TASK REQUIREMENTS:
An identical copy of all the records is what the answer must contain.

SUPPLIED INFORMATION:
━━━━
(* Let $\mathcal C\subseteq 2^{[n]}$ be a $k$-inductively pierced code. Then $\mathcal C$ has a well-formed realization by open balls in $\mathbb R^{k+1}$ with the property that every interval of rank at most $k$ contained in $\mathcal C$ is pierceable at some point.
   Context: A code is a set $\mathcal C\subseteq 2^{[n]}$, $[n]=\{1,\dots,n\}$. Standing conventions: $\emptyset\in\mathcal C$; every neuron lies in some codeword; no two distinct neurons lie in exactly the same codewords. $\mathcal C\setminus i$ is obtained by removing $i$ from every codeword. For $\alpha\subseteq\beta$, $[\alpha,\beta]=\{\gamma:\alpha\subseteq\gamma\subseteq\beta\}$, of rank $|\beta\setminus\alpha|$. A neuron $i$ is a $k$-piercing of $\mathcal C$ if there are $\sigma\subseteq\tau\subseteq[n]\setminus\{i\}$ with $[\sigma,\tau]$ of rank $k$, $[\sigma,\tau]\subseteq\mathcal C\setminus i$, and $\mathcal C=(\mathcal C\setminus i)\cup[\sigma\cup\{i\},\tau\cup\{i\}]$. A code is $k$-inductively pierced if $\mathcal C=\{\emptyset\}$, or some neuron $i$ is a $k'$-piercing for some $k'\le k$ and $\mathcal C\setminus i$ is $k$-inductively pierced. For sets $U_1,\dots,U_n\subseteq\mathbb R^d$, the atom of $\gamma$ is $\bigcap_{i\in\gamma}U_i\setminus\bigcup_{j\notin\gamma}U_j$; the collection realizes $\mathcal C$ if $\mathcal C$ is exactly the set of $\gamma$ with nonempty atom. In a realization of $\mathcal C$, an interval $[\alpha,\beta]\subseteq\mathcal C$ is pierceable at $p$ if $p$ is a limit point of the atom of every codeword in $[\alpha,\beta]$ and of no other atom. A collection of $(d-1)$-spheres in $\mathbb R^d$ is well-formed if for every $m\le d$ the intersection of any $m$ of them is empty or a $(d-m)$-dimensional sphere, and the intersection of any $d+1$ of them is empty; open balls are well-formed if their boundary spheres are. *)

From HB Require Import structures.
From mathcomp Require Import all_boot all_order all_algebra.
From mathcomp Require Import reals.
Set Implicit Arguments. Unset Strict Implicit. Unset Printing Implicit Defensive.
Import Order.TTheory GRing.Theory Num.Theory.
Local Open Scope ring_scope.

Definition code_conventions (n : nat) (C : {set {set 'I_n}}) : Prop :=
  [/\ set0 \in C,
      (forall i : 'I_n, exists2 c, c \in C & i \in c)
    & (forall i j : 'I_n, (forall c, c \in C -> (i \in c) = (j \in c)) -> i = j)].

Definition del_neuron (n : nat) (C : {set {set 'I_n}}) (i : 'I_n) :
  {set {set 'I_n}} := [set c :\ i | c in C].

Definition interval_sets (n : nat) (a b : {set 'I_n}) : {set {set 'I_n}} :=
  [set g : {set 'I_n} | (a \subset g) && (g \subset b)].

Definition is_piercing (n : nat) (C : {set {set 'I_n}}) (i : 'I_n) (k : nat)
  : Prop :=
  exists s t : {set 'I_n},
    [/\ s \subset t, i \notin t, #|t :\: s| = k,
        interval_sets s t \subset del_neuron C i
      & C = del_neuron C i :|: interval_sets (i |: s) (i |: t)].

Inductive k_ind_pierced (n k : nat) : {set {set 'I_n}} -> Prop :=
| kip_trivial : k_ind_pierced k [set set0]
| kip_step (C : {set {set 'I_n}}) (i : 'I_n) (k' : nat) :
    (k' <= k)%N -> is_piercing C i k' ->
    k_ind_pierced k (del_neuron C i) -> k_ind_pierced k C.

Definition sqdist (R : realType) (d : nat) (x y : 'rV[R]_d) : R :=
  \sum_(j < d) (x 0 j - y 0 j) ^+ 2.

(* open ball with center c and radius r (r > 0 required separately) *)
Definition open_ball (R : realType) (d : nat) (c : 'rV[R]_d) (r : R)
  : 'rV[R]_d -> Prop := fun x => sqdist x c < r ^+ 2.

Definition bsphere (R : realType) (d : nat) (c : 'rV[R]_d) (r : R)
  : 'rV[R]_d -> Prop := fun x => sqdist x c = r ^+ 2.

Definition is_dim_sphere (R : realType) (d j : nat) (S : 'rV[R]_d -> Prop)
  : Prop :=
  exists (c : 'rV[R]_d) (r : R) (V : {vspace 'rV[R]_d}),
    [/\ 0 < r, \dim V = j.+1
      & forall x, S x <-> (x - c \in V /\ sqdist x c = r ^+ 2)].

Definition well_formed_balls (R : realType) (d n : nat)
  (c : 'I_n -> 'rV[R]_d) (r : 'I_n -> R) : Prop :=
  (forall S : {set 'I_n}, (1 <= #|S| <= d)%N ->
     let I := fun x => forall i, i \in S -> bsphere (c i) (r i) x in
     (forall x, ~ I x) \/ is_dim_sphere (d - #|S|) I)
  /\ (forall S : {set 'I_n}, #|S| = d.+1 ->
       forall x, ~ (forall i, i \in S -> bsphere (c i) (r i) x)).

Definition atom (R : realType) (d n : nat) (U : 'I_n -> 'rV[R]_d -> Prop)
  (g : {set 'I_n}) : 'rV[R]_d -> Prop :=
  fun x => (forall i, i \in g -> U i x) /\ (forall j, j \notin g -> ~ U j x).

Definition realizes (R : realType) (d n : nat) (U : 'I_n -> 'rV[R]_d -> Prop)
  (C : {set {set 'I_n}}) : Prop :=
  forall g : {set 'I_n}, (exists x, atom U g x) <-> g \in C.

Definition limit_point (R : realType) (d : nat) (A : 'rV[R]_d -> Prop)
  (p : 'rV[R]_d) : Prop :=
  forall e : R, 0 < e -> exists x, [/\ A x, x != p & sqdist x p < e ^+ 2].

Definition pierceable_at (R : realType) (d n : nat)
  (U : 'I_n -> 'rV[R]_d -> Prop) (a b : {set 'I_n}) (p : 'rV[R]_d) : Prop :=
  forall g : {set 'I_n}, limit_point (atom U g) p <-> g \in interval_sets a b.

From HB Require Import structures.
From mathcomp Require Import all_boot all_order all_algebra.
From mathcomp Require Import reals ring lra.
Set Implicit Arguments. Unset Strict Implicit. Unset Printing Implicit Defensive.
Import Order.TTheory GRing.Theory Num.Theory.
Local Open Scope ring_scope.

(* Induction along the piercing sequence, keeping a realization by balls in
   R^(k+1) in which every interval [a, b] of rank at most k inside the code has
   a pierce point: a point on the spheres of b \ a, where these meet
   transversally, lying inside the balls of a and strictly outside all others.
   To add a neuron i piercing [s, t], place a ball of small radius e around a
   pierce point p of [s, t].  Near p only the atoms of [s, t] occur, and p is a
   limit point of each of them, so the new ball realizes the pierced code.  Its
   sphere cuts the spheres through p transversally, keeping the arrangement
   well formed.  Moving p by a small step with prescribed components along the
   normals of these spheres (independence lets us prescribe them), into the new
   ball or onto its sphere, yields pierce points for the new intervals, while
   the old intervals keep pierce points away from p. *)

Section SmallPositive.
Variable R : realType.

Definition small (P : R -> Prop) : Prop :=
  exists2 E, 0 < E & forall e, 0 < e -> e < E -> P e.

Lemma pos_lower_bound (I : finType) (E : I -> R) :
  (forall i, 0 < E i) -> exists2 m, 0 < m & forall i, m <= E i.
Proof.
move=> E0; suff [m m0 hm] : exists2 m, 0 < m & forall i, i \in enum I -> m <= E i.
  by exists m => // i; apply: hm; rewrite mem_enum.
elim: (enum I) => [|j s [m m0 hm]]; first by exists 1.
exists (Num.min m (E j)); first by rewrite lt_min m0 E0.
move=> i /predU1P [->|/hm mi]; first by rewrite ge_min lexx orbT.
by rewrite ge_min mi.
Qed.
━━━━
WRITTEN REPLY:
(* Let $\mathcal C\subseteq 2^{[n]}$ be a $k$-inductively pierced code. Then $\mathcal C$ has a well-formed realization by open balls in $\mathbb R^{k+1}$ with the property that every interval of rank at most $k$ contained in $\mathcal C$ is pierceable at some point.
   Context: A code is a set $\mathcal C\subseteq 2^{[n]}$, $[n]=\{1,\dots,n\}$. Standing conventions: $\emptyset\in\mathcal C$; every neuron lies in some codeword; no two distinct neurons lie in exactly the same codewords. $\mathcal C\setminus i$ is obtained by removing $i$ from every codeword. For $\alpha\subseteq\beta$, $[\alpha,\beta]=\{\gamma:\alpha\subseteq\gamma\subseteq\beta\}$, of rank $|\beta\setminus\alpha|$. A neuron $i$ is a $k$-piercing of $\mathcal C$ if there are $\sigma\subseteq\tau\subseteq[n]\setminus\{i\}$ with $[\sigma,\tau]$ of rank $k$, $[\sigma,\tau]\subseteq\mathcal C\setminus i$, and $\mathcal C=(\mathcal C\setminus i)\cup[\sigma\cup\{i\},\tau\cup\{i\}]$. A code is $k$-inductively pierced if $\mathcal C=\{\emptyset\}$, or some neuron $i$ is a $k'$-piercing for some $k'\le k$ and $\mathcal C\setminus i$ is $k$-inductively pierced. For sets $U_1,\dots,U_n\subseteq\mathbb R^d$, the atom of $\gamma$ is $\bigcap_{i\in\gamma}U_i\setminus\bigcup_{j\notin\gamma}U_j$; the collection realizes $\mathcal C$ if $\mathcal C$ is exactly the set of $\gamma$ with nonempty atom. In a realization of $\mathcal C$, an interval $[\alpha,\beta]\subseteq\mathcal C$ is pierceable at $p$ if $p$ is a limit point of the atom of every codeword in $[\alpha,\beta]$ and of no other atom. A collection of $(d-1)$-spheres in $\mathbb R^d$ is well-formed if for every $m\le d$ the intersection of any $m$ of them is empty or a $(d-m)$-dimensional sphere, and the intersection of any $d+1$ of them is empty; open balls are well-formed if their boundary spheres are. *)

From HB Require Import structures.
From mathcomp Require Import all_boot all_order all_algebra.
From mathcomp Require Import reals.
Set Implicit Arguments. Unset Strict Implicit. Unset Printing Implicit Defensive.
Import Order.TTheory GRing.Theory Num.Theory.
Local Open Scope ring_scope.

Definition code_conventions (n : nat) (C : {set {set 'I_n}}) : Prop :=
  [/\ set0 \in C,
      (forall i : 'I_n, exists2 c, c \in C & i \in c)
    & (forall i j : 'I_n, (forall c, c \in C -> (i \in c) = (j \in c)) -> i = j)].

Definition del_neuron (n : nat) (C : {set {set 'I_n}}) (i : 'I_n) :
  {set {set 'I_n}} := [set c :\ i | c in C].

Definition interval_sets (n : nat) (a b : {set 'I_n}) : {set {set 'I_n}} :=
  [set g : {set 'I_n} | (a \subset g) && (g \subset b)].

Definition is_piercing (n : nat) (C : {set {set 'I_n}}) (i : 'I_n) (k : nat)
  : Prop :=
  exists s t : {set 'I_n},
    [/\ s \subset t, i \notin t, #|t :\: s| = k,
        interval_sets s t \subset del_neuron C i
      & C = del_neuron C i :|: interval_sets (i |: s) (i |: t)].

Inductive k_ind_pierced (n k : nat) : {set {set 'I_n}} -> Prop :=
| kip_trivial : k_ind_pierced k [set set0]
| kip_step (C : {set {set 'I_n}}) (i : 'I_n) (k' : nat) :
    (k' <= k)%N -> is_piercing C i k' ->
    k_ind_pierced k (del_neuron C i) -> k_ind_pierced k C.

Definition sqdist (R : realType) (d : nat) (x y : 'rV[R]_d) : R :=
  \sum_(j < d) (x 0 j - y 0 j) ^+ 2.

(* open ball with center c and radius r (r > 0 required separately) *)
Definition open_ball (R : realType) (d : nat) (c : 'rV[R]_d) (r : R)
  : 'rV[R]_d -> Prop := fun x => sqdist x c < r ^+ 2.

Definition bsphere (R : realType) (d : nat) (c : 'rV[R]_d) (r : R)
  : 'rV[R]_d -> Prop := fun x => sqdist x c = r ^+ 2.

Definition is_dim_sphere (R : realType) (d j : nat) (S : 'rV[R]_d -> Prop)
  : Prop :=
  exists (c : 'rV[R]_d) (r : R) (V : {vspace 'rV[R]_d}),
    [/\ 0 < r, \dim V = j.+1
      & forall x, S x <-> (x - c \in V /\ sqdist x c = r ^+ 2)].

Definition well_formed_balls (R : realType) (d n : nat)
  (c : 'I_n -> 'rV[R]_d) (r : 'I_n -> R) : Prop :=
  (forall S : {set 'I_n}, (1 <= #|S| <= d)%N ->
     let I := fun x => forall i, i \in S -> bsphere (c i) (r i) x in
     (forall x, ~ I x) \/ is_dim_sphere (d - #|S|) I)
  /\ (forall S : {set 'I_n}, #|S| = d.+1 ->
       forall x, ~ (forall i, i \in S -> bsphere (c i) (r i) x)).

Definition atom (R : realType) (d n : nat) (U : 'I_n -> 'rV[R]_d -> Prop)
  (g : {set 'I_n}) : 'rV[R]_d -> Prop :=
  fun x => (forall i, i \in g -> U i x) /\ (forall j, j \notin g -> ~ U j x).

Definition realizes (R : realType) (d n : nat) (U : 'I_n -> 'rV[R]_d -> Prop)
  (C : {set {set 'I_n}}) : Prop :=
  forall g : {set 'I_n}, (exists x, atom U g x) <-> g \in C.

Definition limit_point (R : realType) (d : nat) (A : 'rV[R]_d -> Prop)
  (p : 'rV[R]_d) : Prop :=
  forall e : R, 0 < e -> exists x, [/\ A x, x != p & sqdist x p < e ^+ 2].

Definition pierceable_at (R : realType) (d n : nat)
  (U : 'I_n -> 'rV[R]_d -> Prop) (a b : {set 'I_n}) (p : 'rV[R]_d) : Prop :=
  forall g : {set 'I_n}, limit_point (atom U g) p <-> g \in interval_sets a b.

From HB Require Import structures.
From mathcomp Require Import all_boot all_order all_algebra.
From mathcomp Require Import reals ring lra.
Set Implicit Arguments. Unset Strict Implicit. Unset Printing Implicit Defensive.
Import Order.TTheory GRing.Theory Num.Theory.
Local Open Scope ring_scope.

(* Induction along the piercing sequence, keeping a realization by balls in
   R^(k+1) in which every interval [a, b] of rank at most k inside the code has
   a pierce point: a point on the spheres of b \ a, where these meet
   transversally, lying inside the balls of a and strictly outside all others.
   To add a neuron i piercing [s, t], place a ball of small radius e around a
   pierce point p of [s, t].  Near p only the atoms of [s, t] occur, and p is a
   limit point of each of them, so the new ball realizes the pierced code.  Its
   sphere cuts the spheres through p transversally, keeping the arrangement
   well formed.  Moving p by a small step with prescribed components along the
   normals of these spheres (independence lets us prescribe them), into the new
   ball or onto its sphere, yields pierce points for the new intervals, while
   the old intervals keep pierce points away from p. *)

Section SmallPositive.
Variable R : realType.

Definition small (P : R -> Prop) : Prop :=
  exists2 E, 0 < E & forall e, 0 < e -> e < E -> P e.

Lemma pos_lower_bound (I : finType) (E : I -> R) :
  (forall i, 0 < E i) -> exists2 m, 0 < m & forall i, m <= E i.
Proof.
move=> E0; suff [m m0 hm] : exists2 m, 0 < m & forall i, i \in enum I -> m <= E i.
  by exists m => // i; apply: hm; rewrite mem_enum.
elim: (enum I) => [|j s [m m0 hm]]; first by exists 1.
exists (Num.min m (E j)); first by rewrite lt_min m0 E0.
move=> i /predU1P [->|/hm mi]; first by rewrite ge_min lexx orbT.
by rewrite ge_min mi.
Qed.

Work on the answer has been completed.